- [WORK TASK]:
A single figure is required: the number of lines below that contain "eqxx".

EXERCISE DATA below:

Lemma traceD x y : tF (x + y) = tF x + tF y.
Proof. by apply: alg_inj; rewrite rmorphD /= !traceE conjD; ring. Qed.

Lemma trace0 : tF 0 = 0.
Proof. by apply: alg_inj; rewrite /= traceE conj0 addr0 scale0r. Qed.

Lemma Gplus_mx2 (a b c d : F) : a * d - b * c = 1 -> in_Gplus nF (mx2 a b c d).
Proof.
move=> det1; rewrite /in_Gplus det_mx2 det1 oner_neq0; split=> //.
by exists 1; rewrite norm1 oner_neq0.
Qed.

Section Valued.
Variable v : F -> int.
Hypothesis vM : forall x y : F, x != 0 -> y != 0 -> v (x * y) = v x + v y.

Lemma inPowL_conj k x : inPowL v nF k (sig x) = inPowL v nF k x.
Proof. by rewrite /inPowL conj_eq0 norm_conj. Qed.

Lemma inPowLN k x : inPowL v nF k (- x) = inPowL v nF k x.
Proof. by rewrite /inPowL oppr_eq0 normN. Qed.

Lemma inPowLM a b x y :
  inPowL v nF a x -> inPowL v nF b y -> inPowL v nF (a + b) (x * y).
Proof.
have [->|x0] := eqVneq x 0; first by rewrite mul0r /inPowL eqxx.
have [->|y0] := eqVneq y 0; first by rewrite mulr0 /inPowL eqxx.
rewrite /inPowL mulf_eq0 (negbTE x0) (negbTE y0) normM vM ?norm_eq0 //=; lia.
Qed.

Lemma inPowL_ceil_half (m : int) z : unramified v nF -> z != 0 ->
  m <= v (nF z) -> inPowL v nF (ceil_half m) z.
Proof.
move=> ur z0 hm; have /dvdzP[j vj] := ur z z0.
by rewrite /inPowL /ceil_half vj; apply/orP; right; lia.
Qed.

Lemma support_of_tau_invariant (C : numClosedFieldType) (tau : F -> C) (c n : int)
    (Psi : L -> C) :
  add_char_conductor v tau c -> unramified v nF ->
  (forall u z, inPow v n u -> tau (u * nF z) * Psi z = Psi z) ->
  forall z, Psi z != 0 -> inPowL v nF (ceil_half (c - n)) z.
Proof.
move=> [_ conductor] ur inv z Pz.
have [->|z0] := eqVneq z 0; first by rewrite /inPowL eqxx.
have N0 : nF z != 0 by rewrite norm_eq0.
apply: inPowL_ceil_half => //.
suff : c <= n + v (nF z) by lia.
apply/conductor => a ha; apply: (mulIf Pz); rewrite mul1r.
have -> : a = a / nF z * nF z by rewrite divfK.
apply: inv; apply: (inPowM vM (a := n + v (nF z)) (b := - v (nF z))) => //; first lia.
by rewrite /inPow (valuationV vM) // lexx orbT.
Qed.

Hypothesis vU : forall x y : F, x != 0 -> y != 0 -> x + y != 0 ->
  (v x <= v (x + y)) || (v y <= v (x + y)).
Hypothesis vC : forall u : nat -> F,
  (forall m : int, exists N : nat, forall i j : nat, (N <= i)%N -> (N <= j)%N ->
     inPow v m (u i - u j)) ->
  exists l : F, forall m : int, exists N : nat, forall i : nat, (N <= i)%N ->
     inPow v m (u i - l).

End of EXERCISE DATA.

- [WRITTEN RESPONSE]:
3